The pipeline from Iran to India via Pakistan has been discussed for over 10 years. But nothing much has happened. An undersea pipeline fetching gas from Iran or Qatar is yet to take off. Another project to fetch gas from Oman has been shelved after eight years of study and expenses of Rs 330 crore. An undersea pipeline is anywhere between two to ten times as expensive as one over land. The process to deregulate the oil sector has been going on for some time now. But experts are quite pessimistic about the NELP (New Exploration Licensing Policy), which they say will not be able to meet the rising demand. Privatising the sector too could well be a stopgap arrangement, nothing short of buying time.

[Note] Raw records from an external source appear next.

(* Let a group $G$ act on a real tree $T$ and let $g,h\in G$ be such that $\langle g,h\rangle$ acts irreducibly on $T$. Suppose that $g$ is either elliptic or equal to $g_0^m$ for some weakly $\lambda$-stable hyperbolic element $g_0$ and some integer $m\ge10\max\{\lambda,1\}$ (with $\lambda>0$), and make the same assumption on $h$. Then the pair $\{g,h\}$ is acylindrical.
   Context: For an isometry $g$: $tl(g)=\inf_p d(p,gp)$; elliptic means having a fixed point, hyperbolic otherwise; $A(g)$ is the fixed set or translation axis. $E(f)$: elements preserving $A(f)$ setwise. Hyperbolic $h$ is weakly $\lambda$-stable if for all $g\in G$, $|A(h)\cap gA(h)|>\lambda tl(h)$ implies $g\in E(h)$. An action is abelian if $tl(gh)\le tl(g)+tl(h)$ for all $g,h$; dihedral if not abelian but this inequality holds for all pairs of hyperbolic elements; irreducible if neither. A pair $g,h$ is acylindrical if $\langle g,h\rangle$ acts irreducibly on $T$, $|A(g)\cap A(h)|\le\frac12\max\{tl(g),tl(h)\}$, and each of $g,h$ that is hyperbolic is weakly $\frac13$-stable. *)

From Stdlib Require Import Reals.
From Coquelicot Require Import Rbar Lub.
Open Scope R_scope.

Record Group := {
  gcar :> Type;
  gmul : gcar -> gcar -> gcar;
  ginv : gcar -> gcar;
  gone : gcar;
  gmulA : forall a b c, gmul a (gmul b c) = gmul (gmul a b) c;
  gmul1l : forall a, gmul gone a = a;
  gmulVl : forall a, gmul (ginv a) a = gone
}.
Arguments gmul {G} : rename.
Arguments ginv {G} : rename.
Arguments gone {G} : rename.

Fixpoint gpow {G : Group} (a : G) (n : nat) : G :=
  match n with O => gone | S k => gmul a (gpow a k) end.

Inductive gen2 {G : Group} (g h : G) : G -> Prop :=
| gen2_one : gen2 g h gone
| gen2_g : gen2 g h g
| gen2_h : gen2 g h h
| gen2_inv : forall x, gen2 g h x -> gen2 g h (ginv x)
| gen2_mul : forall x y, gen2 g h x -> gen2 g h y -> gen2 g h (gmul x y).

Definition gromov {X : Type} (d : X -> X -> R) (w x y : X) : R :=
  (d x w + d y w - d x y) / 2.

Record RealTree := {
  tcar :> Type;
  tdist : tcar -> tcar -> R;
  tpt : tcar;  (* nonempty *)
  tdist_ge0 : forall x y, 0 <= tdist x y;
  tdist_eq0 : forall x y, tdist x y = 0 <-> x = y;
  tdist_sym : forall x y, tdist x y = tdist y x;
  tdist_tri : forall x y z, tdist x z <= tdist x y + tdist y z;
  tgeodesic : forall x y, exists gam : R -> tcar,
      gam 0 = x /\ gam (tdist x y) = y /\
      forall s t, 0 <= s <= tdist x y -> 0 <= t <= tdist x y ->
        tdist (gam s) (gam t) = Rabs (s - t);
  t0hyp : forall w x y z,
      gromov tdist w x y >= Rmin (gromov tdist w x z) (gromov tdist w y z)
}.
Arguments tdist {T} : rename.

Record Action (G : Group) (T : RealTree) := {
  act : G -> T -> T;
  act_one : forall p, act gone p = p;
  act_mul : forall a b p, act (gmul a b) p = act a (act b p);
  act_isom : forall a p q, tdist (act a p) (act a q) = tdist p q
}.
Arguments act {G T} _ _ _.

Section Notions.
Context {G : Group} {T : RealTree} (A : Action G T).

Definition tl (g : G) : R :=
  real (Glb_Rbar (fun r => exists p : T, r = tdist p (act A g p))).

Definition elliptic (g : G) : Prop := exists p : T, act A g p = p.
Definition hyperbolic (g : G) : Prop := ~ elliptic g.

(* A(g): fixed set if elliptic, translation axis (min set) if hyperbolic *)
Definition Ax (g : G) (p : T) : Prop :=
  (elliptic g /\ act A g p = p) \/
  (hyperbolic g /\ tdist p (act A g p) = tl g).

Definition img (g : G) (S : T -> Prop) (q : T) : Prop :=
  exists p, S p /\ act A g p = q.

(* |S| : length (diameter) of a subset; -oo if empty, +oo if unbounded *)
Definition len (S : T -> Prop) : Rbar :=
  Lub_Rbar (fun r => exists x y, S x /\ S y /\ r = tdist x y).

Definition inE (f g : G) : Prop :=
  forall q, img g (Ax f) q <-> Ax f q.

Definition weakly_stable (lam : R) (h : G) : Prop :=
  hyperbolic h /\
  forall g : G,
    Rbar_lt (lam * tl h) (len (fun p => Ax h p /\ img g (Ax h) p)) -> inE h g.

Definition abelian2 (g h : G) : Prop :=
  forall a b, gen2 g h a -> gen2 g h b -> tl (gmul a b) <= tl a + tl b.
Definition dihedral2 (g h : G) : Prop :=
  ~ abelian2 g h /\
  forall a b, gen2 g h a -> gen2 g h b -> hyperbolic a -> hyperbolic b ->
    tl (gmul a b) <= tl a + tl b.
Definition irreducible2 (g h : G) : Prop :=
  ~ abelian2 g h /\ ~ dihedral2 g h.

Definition acylindrical_pair (g h : G) : Prop :=
  irreducible2 g h /\
  Rbar_le (len (fun p => Ax g p /\ Ax h p)) (/2 * Rmax (tl g) (tl h)) /\
  (hyperbolic g -> weakly_stable (1/3) g) /\
  (hyperbolic h -> weakly_stable (1/3) h).

Definition good_elt (lam : R) (g : G) : Prop :=
  elliptic g \/
  exists (g0 : G) (m : nat), weakly_stable lam g0 /\
    INR m >= 10 * Rmax lam 1 /\ g = gpow g0 m.

End Notions.
Lemma fsr_error_expansion (u f : R -> R) (Dbar : R -> R -> R) (kap th X : R) :
  smooth u -> smooth f -> smooth2 Dbar -> (forall v w, Dbar v w = Dbar w v) ->
  let F := fun x => f (u x) in
  let G := fun y => Dbar (u X) (u y) in
  bigO 5 (fun h => fsr_error u f Dbar kap 0 th 0 h X
    - (Derive_n F 1 X + (3 * th - 1) / 12 * Derive_n F 3 X * h ^ 2
       - (kap - 1) / 8 * (2 * Derive_n G 1 X * Derive_n u 3 X + G X * Derive_n u 4 X) * h ^ 3
       + (15 * th - 13) / 240 * Derive_n F 5 X * h ^ 4)).
Proof.
  intros Hu Hf HDbar Hsym F G.
  assert (HF : smooth F) by exact (smooth_comp f u Hf Hu).
  assert (HG : smooth G) by exact (smooth_comp _ u (smooth2_section Dbar (u X) HDbar) Hu).
  assert (Hodd : bigO 6 (fun h =>
    stencil central_difference1 G X h * stencil central_difference3 u X h
    - (2 * Derive_n G 1 X * h) * (2 * Derive_n u 3 X * h ^ 3))).
  { apply (bigO_mul_approx 3 3 1 5); [reflexivity|now apply central_difference1_expansion
      |now apply central_difference3_bigO| |now apply central_difference3_expansion].
    apply (bigO_ext _ (fun h => 2 * Derive_n G 1 X * h ^ 1)); [intros; ring|].
    now apply bigO_monomial. }
  assert (Heven : bigO 6 (fun h =>
    stencil central_sum G X h * stencil central_difference4 u X h
    - (2 * G X) * (Derive_n u 4 X * h ^ 4))).
  { apply (bigO_mul_approx 2 4 0 6); [reflexivity|now apply central_sum_expansion
      |now apply central_difference4_bigO|apply bigO_const
      |now apply central_difference4_expansion]. }
  eapply bigO_ext; [|apply bigO_plus;
    [apply bigO_div, (flux_stencil_expansion F th X HF)
    |apply (bigO_mul 0 5);
       [apply (bigO_const ((1 - kap) / 16))|apply bigO_div, bigO_plus; [exact Hodd|exact Heven]]]].
  intros h Hh; cbv beta; rewrite fsr_error_stencils by (lra || assumption).
  unfold F, G; field; lra.
Qed.

Theorem mainTheorem2 (u f D : R -> R) (Dbar : R -> R -> R) (kap th : R) :
  smooth u -> smooth f -> smooth D -> smooth2 Dbar ->
  (forall v w, Dbar v w = Dbar w v) ->
  (forall v, Dbar v v = D v) ->
  forall X : R,
    (exists C delta : R, 0 < delta /\
       forall h : R, 0 < h < delta ->
         Rabs (fsr_error u f Dbar kap 0 th 0 h X
               - (Derive (fun x => f (u x)) X
                  + (3 * th - 1) / 12 * Derive_n (fun x => f (u x)) 3 X * h ^ 2
                  - (kap - 1) / 8
                      * (Derive (fun x => D (u x)) X * Derive_n u 3 X
                         + D (u X) * Derive_n u 4 X) * h ^ 3
                  + (15 * th - 13) / 240 * Derive_n (fun x => f (u x)) 5 X * h ^ 4))
         <= C * h ^ 5)
    /\
    (th = 1 / 3 ->
     exists C delta : R, 0 < delta /\
       forall h : R, 0 < h < delta ->
         Rabs (fsr_error u f Dbar kap 0 th 0 h X - Derive (fun x => f (u x)) X)
         <= C * h ^ 3).
Proof.
  intros Hu Hf _ HDbar Hsym Hdiag X.
  assert (HDu : Derive (fun x => D (u x)) X = 2 * Derive (fun y => Dbar (u X) (u y)) X).
  { rewrite (Derive_ext _ (fun x => Dbar (u x) (u x))) by (intro; now rewrite Hdiag).
    apply Derive_symmetric_diag; [exact HDbar|exact Hsym|apply (Hu 1%nat)]. }
  set (A := (kap - 1) / 8 * (Derive (fun x => D (u x)) X * Derive_n u 3 X
                             + D (u X) * Derive_n u 4 X)).
  set (B := (15 * th - 13) / 240 * Derive_n (fun x => f (u x)) 5 X).
  assert (Hmain : bigO 5 (fun h => fsr_error u f Dbar kap 0 th 0 h X
      - (Derive (fun x => f (u x)) X + (3 * th - 1) / 12 * Derive_n (fun x => f (u x)) 3 X * h ^ 2
         - A * h ^ 3 + B * h ^ 4))).
  { eapply bigO_ext; [|exact (fsr_error_expansion u f Dbar kap th X Hu Hf HDbar Hsym)].
    intros h _; unfold A, B; rewrite HDu, <- Hdiag; reflexivity. }
  split; [exact Hmain|intros ->].
  apply (bigO_ext _ (fun h => (fsr_error u f Dbar kap 0 (1 / 3) 0 h X
      - (Derive (fun x => f (u x)) X + (3 * (1 / 3) - 1) / 12
           * Derive_n (fun x => f (u x)) 3 X * h ^ 2 - A * h ^ 3 + B * h ^ 4))
      + (- A * h ^ 3 + B * h ^ 4))); [intros; field|].
  apply bigO_plus; [apply (bigO_weaken 3 5); [lia|exact Hmain]|].
  apply bigO_plus; apply bigO_monomial; lia.
Qed.
(* Consider the delay differential system \[ \begin{aligned} \dot T(t)&= s-dT(t)+aT(t)\Big(1-\frac{T(t)+I(t)}{T_{\max}}\Big)-\frac{bT(t)V(t)}{1+\alpha V(t)},\\ \dot I(t)&= \frac{bT(t-\tau)V(t-\tau)}{1+\alpha V(t-\tau)}+aI(t)\Big(1-\frac{T(t)+I(t)}{T_{\max}}\Big)-\mu I(t),\\ \dot V(t)&= pI(t)-cV(t), \end{aligned} \] with positive constants $s,d,a,T_{\max},b,\alpha,\mu,p,c$, $\tau\ge0$, and nonnegative continuous initial data on $[-\tau,0]$. Then every solution satisfies \[ \limsup_{t\to\infty}T(t)\le T_0=\frac{T_{\max}}{2a}\Big[a-d+\sqrt{(a-d)^2+\tfrac{4as}{T_{\max}}}\Big], \] and hence for every sufficiently small $\epsilon>0$ there is $t_1>0$ such that $T(t)\le T_0+\epsilon$ for $t>t_1$. *)

From Stdlib Require Import Reals Lra.
Open Scope R_scope.

Definition continuous_from (a : R) (f : R -> R) : Prop :=
  forall t, a <= t ->
    forall eps, 0 < eps ->
      exists delta, 0 < delta /\
        forall y, a <= y -> Rabs (y - t) < delta -> Rabs (f y - f t) < eps.

Definition infect (b alpha Tv Vv : R) : R := b * Tv * Vv / (1 + alpha * Vv).

Definition is_solution (s d a Tmax b alpha mu p c tau : R)
  (T I V : R -> R) : Prop :=
  (forall t, -tau <= t <= 0 -> 0 <= T t /\ 0 <= I t /\ 0 <= V t) /\
  continuous_from (-tau) T /\ continuous_from (-tau) I /\
  continuous_from (-tau) V /\
  (forall t, 0 < t ->
     derivable_pt_lim T t
       (s - d * T t + a * T t * (1 - (T t + I t) / Tmax)
        - infect b alpha (T t) (V t))) /\
  (forall t, 0 < t ->
     derivable_pt_lim I t
       (infect b alpha (T (t - tau)) (V (t - tau))
        + a * I t * (1 - (T t + I t) / Tmax) - mu * I t)) /\
  (forall t, 0 < t ->
     derivable_pt_lim V t (p * I t - c * V t)).

Definition T0 (s d a Tmax : R) : R :=
  Tmax / (2 * a) * (a - d + sqrt ((a - d) ^ 2 + 4 * a * s / Tmax)).

From Stdlib Require Import Reals Lra Classical.
Open Scope R_scope.

(* Solutions stay nonnegative: perturb each component by
   z(u) = e exp (K (u - t)); at the first time one of T + z, I + z, V + z
   vanishes, the equations bound that component's derivative below by -(K - 1) z,
   which is slower than z grows, a contradiction; then let e -> 0.
   Nonnegativity of I and V gives T' <= F(T) with the logistic supply
   F(x) = s - d x + a x (1 - x / Tmax), whose larger root is T0, so
   T' <= -a eps^2 / Tmax as long as T >= T0 + eps.  Hence T falls below
   T0 + eps in finite time and can never cross back above it. *)

Lemma continuity_pt_near (f : R -> R) x eps : continuity_pt f x -> 0 < eps ->
  exists delta, 0 < delta /\ forall y, Rabs (y - x) < delta -> Rabs (f y - f x) < eps.
Proof.
  intros Hf Heps. destruct (Hf eps Heps) as [delta [Hdelta Hnear]].
  exists delta; split; [exact Hdelta|]. intros y Hy.
  destruct (Req_dec y x) as [->|Hyx].
  - rewrite Rminus_diag, Rabs_R0. exact Heps.
  - apply (Hnear y). split; [split; [exact I | congruence] | exact Hy].
Qed.

Lemma continuity_pt_Rmin (f g : R -> R) x : continuity_pt f x -> continuity_pt g x ->
  continuity_pt (fun u => Rmin (f u) (g u)) x.
Proof.
  intros Hf Hg eps Heps.
  destruct (Hf eps Heps) as [d1 [Hd1 H1]]. destruct (Hg eps Heps) as [d2 [Hd2 H2]].
  exists (Rmin d1 d2); split; [apply Rmin_glb_lt; assumption|].
  intros y [Hy Hyx]. simpl in *. unfold R_dist in *.
  pose proof (Rmin_l d1 d2). pose proof (Rmin_r d1 d2).
  assert (Hy1 : Rabs (y - x) < d1) by lra. assert (Hy2 : Rabs (y - x) < d2) by lra.
  specialize (H1 y (conj Hy Hy1)). specialize (H2 y (conj Hy Hy2)).
  unfold Rmin in *; revert H1 H2; destruct (Rle_dec (f y) (g y)), (Rle_dec (f x) (g x));
  unfold Rabs; repeat destruct Rcase_abs; intros; lra.
Qed.

Lemma continuity_pt_Rmax_clamp (f : R -> R) a t : continuous_from a f ->
  continuity_pt (fun u => f (Rmax a u)) t.
Proof.
  intros Hf eps Heps.
  destruct (Hf (Rmax a t) (Rmax_l a t) eps Heps) as [delta [Hdelta Hnear]].
  exists delta; split; [exact Hdelta|].
  intros y [_ Hy]. simpl in *. unfold R_dist in *. apply Hnear; [apply Rmax_l|].
  revert Hy; unfold Rmax, Rabs; destruct (Rle_dec a y), (Rle_dec a t);
  repeat destruct Rcase_abs; intros; lra.
Qed.
(* A near-minimiser [w] of [q' u - v] at [q' = q + s h] is also a near-minimiser at
   [q]; comparing the two through the supergradient inequality at [q'] bounds
   [s (u w - alpha)]. *)
Lemma superdiff_approx_argmin {q alpha s e} : `|s| <= 1 ->
  (forall y, q * alpha - taur u v q <= y * alpha - taur u v y) -> 0 < e ->
  exists w, q * u w - v w < taur u v q + e /\ s * (u w - alpha) < e.
Proof.
move=> s1 qmin e0.
have B0 : 0 <= B by apply: le_trans (normr_ge0 _) (uvB w0).1.
set K := `|alpha| + B; set h := e / (K + e).
have K0 : 0 <= K by rewrite addr_ge0.
have h0 : 0 < h by rewrite divr_gt0 //; lra.
have hK : h * K + h * e = e by rewrite /h -mulrDr divfK //; lra.
have [w near] := taur_approx (q + s * h) (h * e) (mulr_gt0 h0 e0).
have := qmin (q + s * h); have := taur_le q w.
set S := s * (alpha - u w) => tq tmin.
have hS : (q + s * h) * u w - (q + s * h) * alpha = q * u w - q * alpha - h * S.
  by rewrite /S; ring.
have SK : h * S <= h * K.
  rewrite ler_pM2l //; apply: le_trans (ler_norm _) _; rewrite normrM.
  apply: le_trans (ler_wpM2r (normr_ge0 _) s1) _; rewrite mul1r.
  apply: le_trans (ler_normB _ _) _; rewrite lerD2l; exact: (uvB w).1.
have Se : - e < S by rewrite -(ltr_pM2l h0) mulrN; lra.
by exists w; split; [lra | rewrite /S in Se; lra].
Qed.

Lemma conj_no_min_approx alpha c e :
  (forall q, exists y, y * alpha - taur u v y < q * alpha - taur u v q) ->
  conj_concave (tau u v) alpha = c%:E -> 0 < e ->
  exists w, `|u w - alpha| <= e /\ c - e <= v w.
Proof.
rewrite tau_taur => nomin conjE e0; set eta := e / 7.
have eta0 : 0 < eta by rewrite divr_gt0.
set g := fun q => q * alpha - taur u v q.
have gc : continuous g.
  by move=> x; apply: cvgB; [exact: cvgMr_tmp | exact: taur_continuous].
have c_le q : c <= g q by rewrite -lee_fin -conjE; exact: conj_concave_le.
have [q1] : exists q1, g q1 < c + eta.
  have /conj_concave_lt[q] :
      (conj_concave (fun q => (taur u v q)%:E) alpha < (c + eta)%:E)%E.
    by rewrite conjE lte_fin ltrDl.
  by rewrite lte_fin; exists q.
set L := `|q1| + 1 => gq1.
have [y [yfar gy]] := continuous_no_min_far gc nomin q1 L (addr_ge0 (normr_ge0 _) ler01).
have g_ge q w : v w + q * (alpha - u w) <= g q.
  by have := taur_le q w; rewrite /g; lra.
have near_max q : exists w, c - eta <= v w + q * (alpha - u w).
  have [w wq] := taur_approx q eta eta0; exists w.
  by have := c_le q; rewrite /g; lra.
suff [w [sw vw]] : exists w, `|alpha - u w| <= 4 * eta /\ c - 7 * eta <= v w.
  by exists w; rewrite distrC; rewrite /eta in sw vw; split; lra.
have L_def : L = `|q1| + 1 by [].
have [y_gt|y_lt] := ltP q1 y.
- have [w wmax] := near_max (q1 + L / 2); exists w.
  apply: (three_point_bound _ _ q1 y) => //.
  + by move: yfar; rewrite gtr0_norm ?subr_gt0; lra.
  + by apply: le_trans (g_ge _ _) _; lra.
  + by apply: le_trans (g_ge _ _) _; lra.
- have [w wmax] := near_max (q1 - L / 2); exists w; rewrite -normrN.
  apply: (three_point_bound _ _ (- q1) (- y)) => //.
  + by move: yfar; rewrite normrN ler0_norm ?subr_le0; lra.
  + by rewrite mulrNN; apply: le_trans (g_ge _ _) _; lra.
  + by rewrite mulrNN; apply: le_trans (g_ge _ _) _; lra.
  + rewrite normrN; suff -> : (- q1 + (`|q1| + 1) / 2) * - (alpha - u w) =
      (q1 - L / 2) * (alpha - u w) by [].
    by rewrite L_def; ring.
Qed.

End tau_bounded.

Section compact_domain.
Context {D : topologicalType} {R : realType} {u v : D -> R}.
Hypotheses (cD : compact [set: D]) (cu : continuous (u : D -> R^o))
  (sv : upper_semicontinuous v).

Lemma uv_bounded : exists B, forall w, `|u w| <= B /\ v w <= B.
Proof.
have [Mv vM] := usc_compact_bounded cD sv.
have [Mu uM] := usc_compact_bounded cD (continuous_usc cu).
have [Mu' uM'] := usc_compact_bounded cD
  (continuous_usc (f := fun x => - u x) (fun x => cvgN (cu x))).
exists (`|Mv| + `|Mu| + `|Mu'|) => w.
have := vM w; have := uM w; have := uM' w => h1 h2 h3.
have := ler_norm Mv; have := ler_norm Mu; have := ler_norm Mu'.
have := normr_ge0 Mv; have := normr_ge0 Mu; have := normr_ge0 Mu'.
by rewrite ler_norml; split; [apply/andP; split|]; lra.
Qed.

Lemma exists_fiber_ge alpha c :
  (forall e, 0 < e -> exists w, `|u w - alpha| <= e /\ c - e <= v w) ->
  exists p, u p = alpha /\ c <= v p.
Proof.
move=> approx.
have dist_usc : upper_semicontinuous (fun w => - `|u w - alpha|).
  apply: continuous_usc => x; apply: cvgN; apply: cvg_norm.
  by apply: cvgB; [exact: cu | exact: cvg_cst].
have [|p [dist0 vp]] := compact_usc_approx cD 0 c dist_usc sv.
  move=> e /approx [w [uw vw]]; exists w; split => //; lra.
by exists p; split => //; apply/eqP; rewrite -subr_eq0 -normr_le0; lra.
Qed.

Context (w0 : D) {B : R}.
Hypothesis uvB : forall w, `|u w| <= B /\ v w <= B.

Lemma supported_of_fmax_ge q alpha :
  ((q * alpha - taur u v q)%:E <= fmax u v alpha)%E -> supported_at u v q alpha.
Proof.
move=> fmax_ge.
have [|p [up vp]] := exists_fiber_ge alpha (q * alpha - taur u v q).
  move=> e e0; have /fmax_gt [w [uw vw]] :
      ((q * alpha - taur u v q - e)%:E < fmax u v alpha)%E.
    by apply: lt_le_trans fmax_ge; rewrite lte_fin; lra.
  by exists w; rewrite uw subrr normr0 (ltW e0); move: vw; rewrite lte_fin => /ltW.
exists p; split => //; rewrite (tauE w0 uvB); congr _%:E; apply/le_anti.
by rewrite (taur_le w0 uvB) /= up; lra.
Qed.

Lemma superdiff_argmin q alpha s : `|s| <= 1 -> superdiff (tau u v) q alpha ->
  exists p, q * u p - v p <= taur u v q /\ s * (u p - alpha) <= 0.
Proof.
rewrite (tau_taur w0 uvB) superdiffE => s1 qmin.
have usc_gap : upper_semicontinuous (fun w => v w + - q * u w).
  by apply: usc_add => //; apply: continuous_usc => x; apply: cvgMl_tmp; exact: cu.
have usc_side : upper_semicontinuous (fun w => s * alpha + - s * u w).
  apply: continuous_usc => x; apply: cvgD; first exact: cvg_cst.
  by apply: cvgMl_tmp; exact: cu.
have [|p [gap side]] := compact_usc_approx cD (- taur u v q) 0 usc_gap usc_side.
  move=> e /(superdiff_approx_argmin w0 uvB s1 qmin) [w [gap side]].
  by exists w; split; lra.
by exists p; split; lra.
Qed.


Lemma supported_conj_eq :
  (forall q alpha, superdiff (tau u v) q alpha -> supported_at u v q alpha) ->
  forall alpha, fmax u v alpha = conj_concave (tau u v) alpha.
Proof.
move=> supp alpha; apply/le_anti; rewrite (fmax_le_conj w0 uvB) /=.
have [[q qmin]|nomin] :=
  pselect (exists q, forall y, q * alpha - taur u v q <= y * alpha - taur u v y).
  have /supp/(supported_fmax_conj w0 uvB) [-> ->] // : superdiff (tau u v) q alpha.
  by rewrite (tau_taur w0 uvB) superdiffE.
have {}nomin q : exists y, y * alpha - taur u v y < q * alpha - taur u v q.
  apply: contrapT => qmin; apply: nomin; exists q => y.
  by rewrite leNgt; apply/negP => ylt; apply: qmin; exists y.
case conjE : (conj_concave (tau u v) alpha) => [c| |].
- have [p [up vp]] := exists_fiber_ge alpha c
    (fun e e0 => conj_no_min_approx w0 uvB alpha c e nomin conjE e0).
  by apply: le_trans (fmax_ub u v up); rewrite lee_fin.
- by move: conjE; rewrite (tau_taur w0 uvB) => conjE;
    have := conj_concave_le (taur u v) alpha 0; rewrite conjE.
- exact: leNye.
Qed.

Lemma conj_eq_supported :
  (forall alpha, fmax u v alpha = conj_concave (tau u v) alpha) ->
  forall q alpha, superdiff (tau u v) q alpha -> supported_at u v q alpha.
Proof.
move=> fmaxE q alpha; rewrite (tau_taur w0 uvB) superdiffE => qmin.
apply: supported_of_fmax_ge; rewrite fmaxE (tau_taur w0 uvB).
by apply: conj_concave_ge => y; rewrite lee_fin.
Qed.

Lemma concave_supported : concave_ext (fmax u v) ->
  forall q alpha, superdiff (tau u v) q alpha -> supported_at u v q alpha.
Proof.
move=> fconc q alpha sd.
have [pl [pl_min pl_le]] := superdiff_argmin q alpha 1 ltac:(by rewrite normr1) sd.
have [pr [pr_min pr_ge]] :=
  superdiff_argmin q alpha (-1) ltac:(by rewrite normrN normr1) sd.
have argmin_fmax p : q * u p - v p <= taur u v q ->
    ((q * u p + - taur u v q)%:E <= fmax u v (u p))%E.
  by move=> pmin; apply: le_trans (fmax_ub u v erefl); rewrite lee_fin; lra.
apply: supported_of_fmax_ge.
apply: (concave_ext_affine_ge fconc _ (argmin_fmax _ pl_min) (argmin_fmax _ pr_min)).
by apply/andP; split; lra.
Qed.

End compact_domain.

Local Open Scope ereal_scope.

Theorem propositionp (R : realType) (D : topologicalType)
  (hD : hausdorff_space D) (cD : compact [set: D]) (w0 : D)
  (u v : D -> R) (cu : continuous (u : D -> R^o)) (sv : upper_semicontinuous v) :
  (forall alpha : R, fmax u v alpha <= conj_concave (tau u v) alpha) /\
  (forall q alpha : R, supported_at u v q alpha ->
     fmax u v alpha = (q * alpha)%:E - tau u v q /\
     (q * alpha)%:E - tau u v q = conj_concave (tau u v) alpha) /\
  ((forall q alpha : R, superdiff (tau u v) q alpha -> supported_at u v q alpha)
     <-> (forall alpha : R, fmax u v alpha = conj_concave (tau u v) alpha)) /\
  ((forall alpha : R, fmax u v alpha = conj_concave (tau u v) alpha)
     <-> concave_ext (fmax u v)).
Proof.
have [B uvB] := uv_bounded cD cu sv.
have i_ii := supported_conj_eq cD cu sv w0 uvB.
have ii_i := conj_eq_supported cD cu sv w0 uvB.
have iii_i := concave_supported cD cu sv w0 uvB.
split; first by move=> alpha; exact: (fmax_le_conj w0 uvB alpha).
split; first by move=> q alpha; exact: (supported_fmax_conj w0 uvB q alpha).
split; first by split => [supp alpha | fmaxE q alpha]; [exact: i_ii | exact: ii_i].
split => [fmaxE | fconc alpha]; last exact: i_ii (iii_i fconc) alpha.
rewrite (funext fmaxE) (tau_taur w0 uvB); exact: conj_concave_concave.
Qed.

Sooner or later oil reserves are going to dry up the world over.
A renewable crisis
It is fashionable to talk of renewable energy, even for the oil cartel bigwigs. Substitutes for oil exist: fusion, fuel cells, high-powered batteries, electric, solar, hybrid etc. But none of them are worth a thing because nobody has prototyped it to be sold on a large scale. The nexus of governments and oil industry is far too strong for even those wanting to make earnest efforts at renewable energy.
There is one other reason why renewable energy sources are at a disadvantage: subsidy. In most countries, taxpayers’ money is used to subsidise the price of fossil fuels, keeping them artificially low. Because of this renewable energy options remain uncompetitive. And cleaner-fuel cars are prohibitive to say the least. So any possibility of a transition to cleaner energy options like solar and wind power or fuel cells remains elusive. Is there a way out?
In 1987, the Indian government’s Renewable Energy Development Agency set up a number of programmes to reduce oil-based electricity usage. Today, we are the largest user of photovoltaic systems in the world. China too adopted a nationwide energy efficiency programme in the 1980s. Within a decade, overall energy intensity fell by 50 per cent even as its economy grew rapidly. As Hubbert’s predictions threaten come true in a fuel-guzzling world, we need to realize that we are heading towards a slippery future.